## Collected data
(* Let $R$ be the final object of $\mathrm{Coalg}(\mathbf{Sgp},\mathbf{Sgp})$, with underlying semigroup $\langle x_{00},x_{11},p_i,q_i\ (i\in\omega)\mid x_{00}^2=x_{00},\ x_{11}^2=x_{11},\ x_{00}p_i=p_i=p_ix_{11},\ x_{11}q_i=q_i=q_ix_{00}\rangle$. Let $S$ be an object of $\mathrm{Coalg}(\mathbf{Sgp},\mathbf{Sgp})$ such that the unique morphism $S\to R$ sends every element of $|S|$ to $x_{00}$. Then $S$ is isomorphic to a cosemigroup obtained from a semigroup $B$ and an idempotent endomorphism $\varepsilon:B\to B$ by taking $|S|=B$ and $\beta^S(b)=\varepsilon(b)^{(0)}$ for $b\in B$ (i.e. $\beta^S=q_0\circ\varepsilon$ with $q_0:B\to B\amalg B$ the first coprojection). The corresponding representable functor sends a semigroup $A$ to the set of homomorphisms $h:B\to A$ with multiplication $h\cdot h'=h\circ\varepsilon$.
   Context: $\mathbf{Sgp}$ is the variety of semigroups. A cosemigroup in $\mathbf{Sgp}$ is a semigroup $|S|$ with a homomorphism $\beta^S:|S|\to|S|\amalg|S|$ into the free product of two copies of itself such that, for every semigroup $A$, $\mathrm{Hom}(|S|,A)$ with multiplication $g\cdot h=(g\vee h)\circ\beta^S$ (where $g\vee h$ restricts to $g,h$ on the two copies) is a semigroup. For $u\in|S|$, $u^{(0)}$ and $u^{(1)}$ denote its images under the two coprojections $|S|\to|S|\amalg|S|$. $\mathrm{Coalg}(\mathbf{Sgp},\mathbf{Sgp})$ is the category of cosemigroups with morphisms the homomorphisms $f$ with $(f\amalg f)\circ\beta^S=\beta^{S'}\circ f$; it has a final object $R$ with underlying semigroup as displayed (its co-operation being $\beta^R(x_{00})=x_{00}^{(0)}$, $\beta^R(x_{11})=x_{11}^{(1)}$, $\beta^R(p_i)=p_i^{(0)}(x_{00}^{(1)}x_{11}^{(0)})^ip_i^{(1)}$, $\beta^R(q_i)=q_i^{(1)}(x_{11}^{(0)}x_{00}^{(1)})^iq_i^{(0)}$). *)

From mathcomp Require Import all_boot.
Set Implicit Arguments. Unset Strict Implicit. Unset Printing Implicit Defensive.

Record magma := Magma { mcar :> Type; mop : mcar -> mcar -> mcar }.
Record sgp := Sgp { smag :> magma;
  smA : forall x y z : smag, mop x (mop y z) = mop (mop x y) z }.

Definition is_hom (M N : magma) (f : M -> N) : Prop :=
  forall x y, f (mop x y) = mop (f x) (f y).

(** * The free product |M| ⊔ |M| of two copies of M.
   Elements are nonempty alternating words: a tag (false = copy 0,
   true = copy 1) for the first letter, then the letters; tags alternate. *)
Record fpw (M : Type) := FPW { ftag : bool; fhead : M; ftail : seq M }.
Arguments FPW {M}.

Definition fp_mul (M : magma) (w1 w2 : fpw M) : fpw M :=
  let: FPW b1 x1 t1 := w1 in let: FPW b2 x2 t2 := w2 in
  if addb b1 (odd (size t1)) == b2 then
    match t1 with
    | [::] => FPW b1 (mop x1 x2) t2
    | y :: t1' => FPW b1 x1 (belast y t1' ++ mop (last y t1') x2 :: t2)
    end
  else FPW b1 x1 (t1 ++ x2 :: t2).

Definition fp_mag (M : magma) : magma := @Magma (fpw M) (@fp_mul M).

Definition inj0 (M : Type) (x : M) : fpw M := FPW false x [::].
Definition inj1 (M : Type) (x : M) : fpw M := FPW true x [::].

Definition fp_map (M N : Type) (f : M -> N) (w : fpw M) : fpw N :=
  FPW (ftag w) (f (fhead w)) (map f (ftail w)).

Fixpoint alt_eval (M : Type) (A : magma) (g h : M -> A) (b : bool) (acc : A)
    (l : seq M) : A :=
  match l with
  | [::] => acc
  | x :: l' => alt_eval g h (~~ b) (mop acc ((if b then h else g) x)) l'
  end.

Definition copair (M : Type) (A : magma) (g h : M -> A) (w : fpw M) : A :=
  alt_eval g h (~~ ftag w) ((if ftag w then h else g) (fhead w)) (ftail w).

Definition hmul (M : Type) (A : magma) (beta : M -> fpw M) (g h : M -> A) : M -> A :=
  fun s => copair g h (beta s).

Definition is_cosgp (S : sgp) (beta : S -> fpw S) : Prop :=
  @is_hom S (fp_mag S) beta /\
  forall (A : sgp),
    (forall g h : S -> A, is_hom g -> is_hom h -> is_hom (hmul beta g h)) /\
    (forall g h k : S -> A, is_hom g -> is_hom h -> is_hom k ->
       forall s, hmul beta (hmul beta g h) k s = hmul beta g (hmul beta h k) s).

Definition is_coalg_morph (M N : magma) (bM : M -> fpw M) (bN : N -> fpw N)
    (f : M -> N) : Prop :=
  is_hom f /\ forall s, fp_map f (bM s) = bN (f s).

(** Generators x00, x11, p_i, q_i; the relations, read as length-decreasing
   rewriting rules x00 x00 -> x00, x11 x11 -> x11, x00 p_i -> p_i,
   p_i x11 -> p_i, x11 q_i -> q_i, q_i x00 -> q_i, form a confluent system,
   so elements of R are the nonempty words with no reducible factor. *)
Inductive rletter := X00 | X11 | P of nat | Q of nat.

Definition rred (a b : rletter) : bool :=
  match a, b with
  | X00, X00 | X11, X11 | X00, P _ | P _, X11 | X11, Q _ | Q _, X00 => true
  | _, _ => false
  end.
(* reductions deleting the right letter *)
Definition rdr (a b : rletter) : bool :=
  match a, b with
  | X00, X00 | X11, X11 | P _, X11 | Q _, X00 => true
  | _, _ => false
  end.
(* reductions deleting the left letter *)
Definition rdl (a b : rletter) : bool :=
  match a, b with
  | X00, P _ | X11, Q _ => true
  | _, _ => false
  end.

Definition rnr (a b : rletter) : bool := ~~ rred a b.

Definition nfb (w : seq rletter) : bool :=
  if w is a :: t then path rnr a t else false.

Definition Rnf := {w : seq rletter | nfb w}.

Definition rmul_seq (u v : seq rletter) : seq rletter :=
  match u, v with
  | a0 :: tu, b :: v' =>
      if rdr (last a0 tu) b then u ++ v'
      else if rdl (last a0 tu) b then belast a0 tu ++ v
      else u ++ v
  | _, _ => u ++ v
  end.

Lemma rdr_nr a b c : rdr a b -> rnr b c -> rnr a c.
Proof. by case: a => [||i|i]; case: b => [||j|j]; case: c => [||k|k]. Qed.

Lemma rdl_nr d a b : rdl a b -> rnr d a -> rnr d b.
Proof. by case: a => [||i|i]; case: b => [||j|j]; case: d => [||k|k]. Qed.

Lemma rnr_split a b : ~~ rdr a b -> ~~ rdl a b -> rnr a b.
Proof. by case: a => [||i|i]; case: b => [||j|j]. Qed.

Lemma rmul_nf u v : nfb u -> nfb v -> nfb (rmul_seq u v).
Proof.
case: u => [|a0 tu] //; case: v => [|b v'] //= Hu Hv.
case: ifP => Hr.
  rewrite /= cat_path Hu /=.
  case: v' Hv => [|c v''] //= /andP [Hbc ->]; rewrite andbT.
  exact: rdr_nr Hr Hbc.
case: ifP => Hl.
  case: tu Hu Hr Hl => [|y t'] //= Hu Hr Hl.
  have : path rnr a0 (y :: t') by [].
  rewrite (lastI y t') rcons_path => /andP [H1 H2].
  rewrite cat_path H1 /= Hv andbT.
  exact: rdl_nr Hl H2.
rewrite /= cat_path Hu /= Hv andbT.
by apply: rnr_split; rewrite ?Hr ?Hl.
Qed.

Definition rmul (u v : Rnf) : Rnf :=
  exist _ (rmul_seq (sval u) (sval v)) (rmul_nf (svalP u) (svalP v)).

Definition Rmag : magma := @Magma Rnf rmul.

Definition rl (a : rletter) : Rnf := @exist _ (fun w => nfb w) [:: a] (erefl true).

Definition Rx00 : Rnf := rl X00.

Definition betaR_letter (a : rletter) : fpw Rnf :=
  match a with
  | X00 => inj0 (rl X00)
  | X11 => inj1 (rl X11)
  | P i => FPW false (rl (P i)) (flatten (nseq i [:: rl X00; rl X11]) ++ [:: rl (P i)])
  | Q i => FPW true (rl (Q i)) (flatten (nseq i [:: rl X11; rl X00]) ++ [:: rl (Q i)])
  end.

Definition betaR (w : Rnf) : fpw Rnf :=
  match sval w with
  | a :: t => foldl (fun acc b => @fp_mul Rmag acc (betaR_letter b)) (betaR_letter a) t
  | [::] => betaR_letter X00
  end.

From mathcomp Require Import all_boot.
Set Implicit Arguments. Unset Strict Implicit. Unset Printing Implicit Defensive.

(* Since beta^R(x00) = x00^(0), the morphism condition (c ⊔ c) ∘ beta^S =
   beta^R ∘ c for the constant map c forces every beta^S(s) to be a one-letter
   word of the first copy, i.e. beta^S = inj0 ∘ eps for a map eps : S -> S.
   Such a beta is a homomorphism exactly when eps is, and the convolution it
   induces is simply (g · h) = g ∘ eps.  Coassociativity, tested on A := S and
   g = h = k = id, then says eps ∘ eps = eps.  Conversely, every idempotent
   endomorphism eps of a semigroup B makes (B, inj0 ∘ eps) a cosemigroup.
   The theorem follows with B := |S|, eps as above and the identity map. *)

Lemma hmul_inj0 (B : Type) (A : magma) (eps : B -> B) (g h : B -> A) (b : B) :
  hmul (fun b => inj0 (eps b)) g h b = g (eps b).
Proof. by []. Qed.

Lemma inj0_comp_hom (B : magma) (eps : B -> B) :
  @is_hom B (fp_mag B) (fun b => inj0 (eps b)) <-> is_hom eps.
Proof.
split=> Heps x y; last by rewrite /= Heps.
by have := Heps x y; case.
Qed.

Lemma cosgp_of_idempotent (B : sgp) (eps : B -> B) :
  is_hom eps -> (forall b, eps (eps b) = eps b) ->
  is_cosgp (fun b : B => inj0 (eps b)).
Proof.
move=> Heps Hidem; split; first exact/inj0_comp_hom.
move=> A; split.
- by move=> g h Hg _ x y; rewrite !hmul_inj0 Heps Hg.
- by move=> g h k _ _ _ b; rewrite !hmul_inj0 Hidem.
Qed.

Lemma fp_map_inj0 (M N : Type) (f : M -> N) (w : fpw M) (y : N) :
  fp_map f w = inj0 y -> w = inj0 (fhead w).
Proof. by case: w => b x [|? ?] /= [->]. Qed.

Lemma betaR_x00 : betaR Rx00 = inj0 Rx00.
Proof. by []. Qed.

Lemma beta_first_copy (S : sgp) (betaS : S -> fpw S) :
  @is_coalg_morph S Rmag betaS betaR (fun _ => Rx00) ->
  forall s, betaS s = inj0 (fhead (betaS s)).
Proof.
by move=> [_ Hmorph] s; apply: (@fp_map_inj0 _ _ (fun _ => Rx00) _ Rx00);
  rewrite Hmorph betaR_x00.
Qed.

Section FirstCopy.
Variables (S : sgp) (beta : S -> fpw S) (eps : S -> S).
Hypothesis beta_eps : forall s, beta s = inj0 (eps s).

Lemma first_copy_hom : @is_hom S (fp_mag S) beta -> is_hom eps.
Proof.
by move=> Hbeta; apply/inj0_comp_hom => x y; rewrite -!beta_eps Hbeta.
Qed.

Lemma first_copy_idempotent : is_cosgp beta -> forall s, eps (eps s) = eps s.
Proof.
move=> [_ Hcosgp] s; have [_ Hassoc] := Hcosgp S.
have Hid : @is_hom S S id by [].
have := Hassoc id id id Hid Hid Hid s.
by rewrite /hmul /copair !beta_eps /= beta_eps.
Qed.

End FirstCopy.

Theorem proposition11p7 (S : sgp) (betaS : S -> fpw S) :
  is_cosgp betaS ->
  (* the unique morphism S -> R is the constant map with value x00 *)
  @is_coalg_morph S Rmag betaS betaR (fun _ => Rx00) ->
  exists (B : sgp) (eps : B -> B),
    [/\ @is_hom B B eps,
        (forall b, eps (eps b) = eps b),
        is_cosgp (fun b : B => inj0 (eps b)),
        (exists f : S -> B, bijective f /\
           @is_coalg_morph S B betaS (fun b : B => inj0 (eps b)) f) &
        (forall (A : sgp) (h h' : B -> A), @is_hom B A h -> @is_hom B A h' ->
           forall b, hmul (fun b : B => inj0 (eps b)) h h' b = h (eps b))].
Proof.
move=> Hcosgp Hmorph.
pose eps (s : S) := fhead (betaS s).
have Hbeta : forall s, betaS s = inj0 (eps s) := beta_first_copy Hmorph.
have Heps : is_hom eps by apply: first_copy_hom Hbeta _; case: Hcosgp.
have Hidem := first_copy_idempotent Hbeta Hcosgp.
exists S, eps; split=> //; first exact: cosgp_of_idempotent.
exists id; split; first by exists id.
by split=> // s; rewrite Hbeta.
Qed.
...
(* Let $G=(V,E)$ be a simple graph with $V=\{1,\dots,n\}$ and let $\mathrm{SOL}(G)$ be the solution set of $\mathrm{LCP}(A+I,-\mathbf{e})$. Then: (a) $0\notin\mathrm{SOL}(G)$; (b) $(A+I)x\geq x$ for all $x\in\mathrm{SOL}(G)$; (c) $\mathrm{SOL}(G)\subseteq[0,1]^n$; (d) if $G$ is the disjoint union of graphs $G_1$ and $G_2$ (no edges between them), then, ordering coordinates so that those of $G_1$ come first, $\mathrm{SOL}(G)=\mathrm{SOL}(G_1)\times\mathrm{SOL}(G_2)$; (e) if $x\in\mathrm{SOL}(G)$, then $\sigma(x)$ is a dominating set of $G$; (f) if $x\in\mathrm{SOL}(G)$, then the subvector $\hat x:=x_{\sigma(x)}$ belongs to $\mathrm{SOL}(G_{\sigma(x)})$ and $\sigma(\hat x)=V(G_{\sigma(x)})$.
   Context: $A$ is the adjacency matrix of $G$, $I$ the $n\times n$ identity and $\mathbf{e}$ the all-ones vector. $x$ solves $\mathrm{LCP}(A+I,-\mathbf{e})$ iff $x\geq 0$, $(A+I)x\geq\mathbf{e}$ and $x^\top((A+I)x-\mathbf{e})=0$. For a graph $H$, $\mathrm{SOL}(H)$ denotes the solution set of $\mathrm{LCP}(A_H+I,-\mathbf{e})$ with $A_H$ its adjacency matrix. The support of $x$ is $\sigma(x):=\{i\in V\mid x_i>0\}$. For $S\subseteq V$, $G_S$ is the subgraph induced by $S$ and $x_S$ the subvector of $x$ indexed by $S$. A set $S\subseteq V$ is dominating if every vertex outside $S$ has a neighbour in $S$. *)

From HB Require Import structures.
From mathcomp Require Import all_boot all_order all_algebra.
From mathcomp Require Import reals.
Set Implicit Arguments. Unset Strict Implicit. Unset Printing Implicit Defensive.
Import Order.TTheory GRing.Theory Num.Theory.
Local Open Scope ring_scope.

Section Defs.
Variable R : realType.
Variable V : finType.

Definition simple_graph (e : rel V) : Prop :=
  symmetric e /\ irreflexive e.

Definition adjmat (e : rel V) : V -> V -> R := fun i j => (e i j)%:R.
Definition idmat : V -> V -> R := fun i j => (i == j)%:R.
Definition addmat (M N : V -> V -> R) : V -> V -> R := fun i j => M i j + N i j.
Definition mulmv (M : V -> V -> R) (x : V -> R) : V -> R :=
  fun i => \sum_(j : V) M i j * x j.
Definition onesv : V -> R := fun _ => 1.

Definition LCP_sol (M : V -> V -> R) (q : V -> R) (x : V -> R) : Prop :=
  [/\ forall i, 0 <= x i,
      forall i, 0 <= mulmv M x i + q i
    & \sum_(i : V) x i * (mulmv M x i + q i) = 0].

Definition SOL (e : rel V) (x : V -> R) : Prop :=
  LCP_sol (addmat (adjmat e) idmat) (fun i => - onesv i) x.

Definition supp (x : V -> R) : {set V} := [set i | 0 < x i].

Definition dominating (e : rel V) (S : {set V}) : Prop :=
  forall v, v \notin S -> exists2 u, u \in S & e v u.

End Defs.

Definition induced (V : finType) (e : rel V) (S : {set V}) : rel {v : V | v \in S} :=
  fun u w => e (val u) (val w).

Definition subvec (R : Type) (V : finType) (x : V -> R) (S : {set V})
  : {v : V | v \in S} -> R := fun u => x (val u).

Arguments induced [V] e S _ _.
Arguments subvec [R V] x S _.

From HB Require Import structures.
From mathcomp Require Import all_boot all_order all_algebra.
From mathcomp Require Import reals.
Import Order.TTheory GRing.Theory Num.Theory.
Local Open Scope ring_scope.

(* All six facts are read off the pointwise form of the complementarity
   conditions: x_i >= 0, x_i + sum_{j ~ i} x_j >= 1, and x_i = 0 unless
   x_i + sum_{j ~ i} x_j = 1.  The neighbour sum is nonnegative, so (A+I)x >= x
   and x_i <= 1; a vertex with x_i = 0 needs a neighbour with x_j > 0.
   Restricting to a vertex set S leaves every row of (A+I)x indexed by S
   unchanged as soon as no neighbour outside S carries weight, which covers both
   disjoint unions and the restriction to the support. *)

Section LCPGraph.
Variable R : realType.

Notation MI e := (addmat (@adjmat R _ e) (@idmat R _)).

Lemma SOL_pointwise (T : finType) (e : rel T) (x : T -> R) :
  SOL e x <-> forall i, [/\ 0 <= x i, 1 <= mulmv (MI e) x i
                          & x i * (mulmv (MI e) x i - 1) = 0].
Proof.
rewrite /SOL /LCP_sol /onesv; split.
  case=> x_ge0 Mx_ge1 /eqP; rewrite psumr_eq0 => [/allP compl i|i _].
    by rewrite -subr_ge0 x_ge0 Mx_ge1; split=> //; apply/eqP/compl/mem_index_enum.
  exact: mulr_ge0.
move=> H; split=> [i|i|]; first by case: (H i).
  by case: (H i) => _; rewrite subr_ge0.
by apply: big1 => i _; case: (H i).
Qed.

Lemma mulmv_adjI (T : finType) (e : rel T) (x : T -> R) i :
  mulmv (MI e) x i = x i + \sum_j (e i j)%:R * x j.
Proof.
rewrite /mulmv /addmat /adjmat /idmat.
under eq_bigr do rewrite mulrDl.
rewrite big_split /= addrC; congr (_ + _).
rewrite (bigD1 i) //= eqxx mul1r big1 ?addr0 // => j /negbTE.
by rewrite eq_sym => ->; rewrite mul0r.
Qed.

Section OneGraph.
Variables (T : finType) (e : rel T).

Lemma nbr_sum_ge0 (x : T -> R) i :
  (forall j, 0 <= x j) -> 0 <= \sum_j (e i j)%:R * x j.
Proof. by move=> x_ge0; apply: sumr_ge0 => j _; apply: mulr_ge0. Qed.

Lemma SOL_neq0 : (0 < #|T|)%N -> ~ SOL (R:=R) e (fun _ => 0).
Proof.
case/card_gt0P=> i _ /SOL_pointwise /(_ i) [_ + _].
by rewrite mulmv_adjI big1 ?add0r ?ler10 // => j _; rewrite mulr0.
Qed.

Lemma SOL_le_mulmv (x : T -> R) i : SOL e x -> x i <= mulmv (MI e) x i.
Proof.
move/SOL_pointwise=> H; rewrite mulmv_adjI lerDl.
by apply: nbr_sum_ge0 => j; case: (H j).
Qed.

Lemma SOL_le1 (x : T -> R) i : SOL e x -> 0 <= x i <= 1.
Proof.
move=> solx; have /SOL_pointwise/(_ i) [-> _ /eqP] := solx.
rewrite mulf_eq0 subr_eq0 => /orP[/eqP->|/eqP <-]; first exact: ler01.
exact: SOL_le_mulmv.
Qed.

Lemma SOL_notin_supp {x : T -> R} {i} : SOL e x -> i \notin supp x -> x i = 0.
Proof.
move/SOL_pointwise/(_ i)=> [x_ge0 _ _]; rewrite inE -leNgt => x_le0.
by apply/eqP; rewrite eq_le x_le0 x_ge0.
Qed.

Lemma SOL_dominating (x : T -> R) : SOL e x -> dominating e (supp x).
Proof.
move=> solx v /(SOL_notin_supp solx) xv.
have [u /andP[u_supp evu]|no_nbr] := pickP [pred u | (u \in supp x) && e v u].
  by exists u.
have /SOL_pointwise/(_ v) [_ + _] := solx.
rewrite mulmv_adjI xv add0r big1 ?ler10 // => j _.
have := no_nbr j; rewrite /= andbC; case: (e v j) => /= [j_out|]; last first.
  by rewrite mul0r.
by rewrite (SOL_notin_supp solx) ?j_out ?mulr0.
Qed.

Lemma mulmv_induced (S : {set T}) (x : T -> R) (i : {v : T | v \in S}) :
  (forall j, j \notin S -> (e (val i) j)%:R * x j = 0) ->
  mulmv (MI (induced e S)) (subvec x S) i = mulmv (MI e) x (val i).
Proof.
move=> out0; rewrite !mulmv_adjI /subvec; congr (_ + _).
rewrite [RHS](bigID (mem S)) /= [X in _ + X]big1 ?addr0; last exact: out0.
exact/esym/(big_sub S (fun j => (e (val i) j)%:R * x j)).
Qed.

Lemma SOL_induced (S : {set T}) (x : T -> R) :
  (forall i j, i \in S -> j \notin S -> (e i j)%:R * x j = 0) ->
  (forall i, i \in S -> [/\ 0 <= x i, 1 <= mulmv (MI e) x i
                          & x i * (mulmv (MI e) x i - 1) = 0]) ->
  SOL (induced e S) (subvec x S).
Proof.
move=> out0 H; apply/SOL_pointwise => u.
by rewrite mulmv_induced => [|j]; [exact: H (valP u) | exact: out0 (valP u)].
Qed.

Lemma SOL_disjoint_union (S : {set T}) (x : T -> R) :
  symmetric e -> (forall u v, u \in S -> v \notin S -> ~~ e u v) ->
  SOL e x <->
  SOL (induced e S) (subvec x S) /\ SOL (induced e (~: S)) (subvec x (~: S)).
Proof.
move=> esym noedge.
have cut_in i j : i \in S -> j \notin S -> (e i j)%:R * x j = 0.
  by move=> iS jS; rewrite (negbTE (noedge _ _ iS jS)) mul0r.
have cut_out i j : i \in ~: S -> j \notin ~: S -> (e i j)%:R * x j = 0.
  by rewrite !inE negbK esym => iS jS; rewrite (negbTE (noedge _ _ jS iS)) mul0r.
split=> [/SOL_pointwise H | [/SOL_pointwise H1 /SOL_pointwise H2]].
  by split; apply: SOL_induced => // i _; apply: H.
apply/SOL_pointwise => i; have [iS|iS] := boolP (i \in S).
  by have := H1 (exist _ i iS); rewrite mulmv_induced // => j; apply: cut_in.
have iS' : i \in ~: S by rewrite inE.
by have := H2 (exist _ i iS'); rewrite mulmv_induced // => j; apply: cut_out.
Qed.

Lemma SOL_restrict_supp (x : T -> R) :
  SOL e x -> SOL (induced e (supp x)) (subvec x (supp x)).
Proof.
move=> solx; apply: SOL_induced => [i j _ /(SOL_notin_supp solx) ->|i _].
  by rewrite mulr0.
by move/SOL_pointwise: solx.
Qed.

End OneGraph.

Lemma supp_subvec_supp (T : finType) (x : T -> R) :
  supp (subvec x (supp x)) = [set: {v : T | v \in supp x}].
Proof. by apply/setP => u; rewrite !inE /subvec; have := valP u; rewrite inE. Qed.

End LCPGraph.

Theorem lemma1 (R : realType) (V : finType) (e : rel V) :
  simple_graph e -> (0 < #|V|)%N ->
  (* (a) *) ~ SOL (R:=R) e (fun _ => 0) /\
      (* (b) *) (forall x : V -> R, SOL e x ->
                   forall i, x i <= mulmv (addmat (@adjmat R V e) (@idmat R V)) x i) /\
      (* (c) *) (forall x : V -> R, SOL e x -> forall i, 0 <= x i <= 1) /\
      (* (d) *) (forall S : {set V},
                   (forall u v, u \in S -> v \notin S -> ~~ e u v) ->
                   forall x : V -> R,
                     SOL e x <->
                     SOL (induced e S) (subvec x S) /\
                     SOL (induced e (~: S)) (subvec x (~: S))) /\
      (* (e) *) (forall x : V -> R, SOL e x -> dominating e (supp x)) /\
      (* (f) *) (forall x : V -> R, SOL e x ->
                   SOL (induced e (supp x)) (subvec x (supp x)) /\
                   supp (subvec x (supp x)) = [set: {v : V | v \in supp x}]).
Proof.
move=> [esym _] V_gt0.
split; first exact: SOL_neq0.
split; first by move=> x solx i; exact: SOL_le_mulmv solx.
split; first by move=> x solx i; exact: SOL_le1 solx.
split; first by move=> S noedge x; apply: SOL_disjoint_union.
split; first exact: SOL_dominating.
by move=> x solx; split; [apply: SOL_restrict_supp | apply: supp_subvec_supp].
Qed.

## PROBLEM DESCRIPTION
Take exactly the lines from the one containing "Section Defs." through the one containing "fun u w => e (val u) (val w)." in the data above, and output them with nothing added.

## TASK OUTPUT
Section Defs.
Variable R : realType.
Variable V : finType.

Definition simple_graph (e : rel V) : Prop :=
  symmetric e /\ irreflexive e.

Definition adjmat (e : rel V) : V -> V -> R := fun i j => (e i j)%:R.
Definition idmat : V -> V -> R := fun i j => (i == j)%:R.
Definition addmat (M N : V -> V -> R) : V -> V -> R := fun i j => M i j + N i j.
Definition mulmv (M : V -> V -> R) (x : V -> R) : V -> R :=
  fun i => \sum_(j : V) M i j * x j.
Definition onesv : V -> R := fun _ => 1.

Definition LCP_sol (M : V -> V -> R) (q : V -> R) (x : V -> R) : Prop :=
  [/\ forall i, 0 <= x i,
      forall i, 0 <= mulmv M x i + q i
    & \sum_(i : V) x i * (mulmv M x i + q i) = 0].

Definition SOL (e : rel V) (x : V -> R) : Prop :=
  LCP_sol (addmat (adjmat e) idmat) (fun i => - onesv i) x.

Definition supp (x : V -> R) : {set V} := [set i | 0 < x i].

Definition dominating (e : rel V) (S : {set V}) : Prop :=
  forall v, v \notin S -> exists2 u, u \in S & e v u.

End Defs.

Definition induced (V : finType) (e : rel V) (S : {set V}) : rel {v : V | v \in S} :=
  fun u w => e (val u) (val w).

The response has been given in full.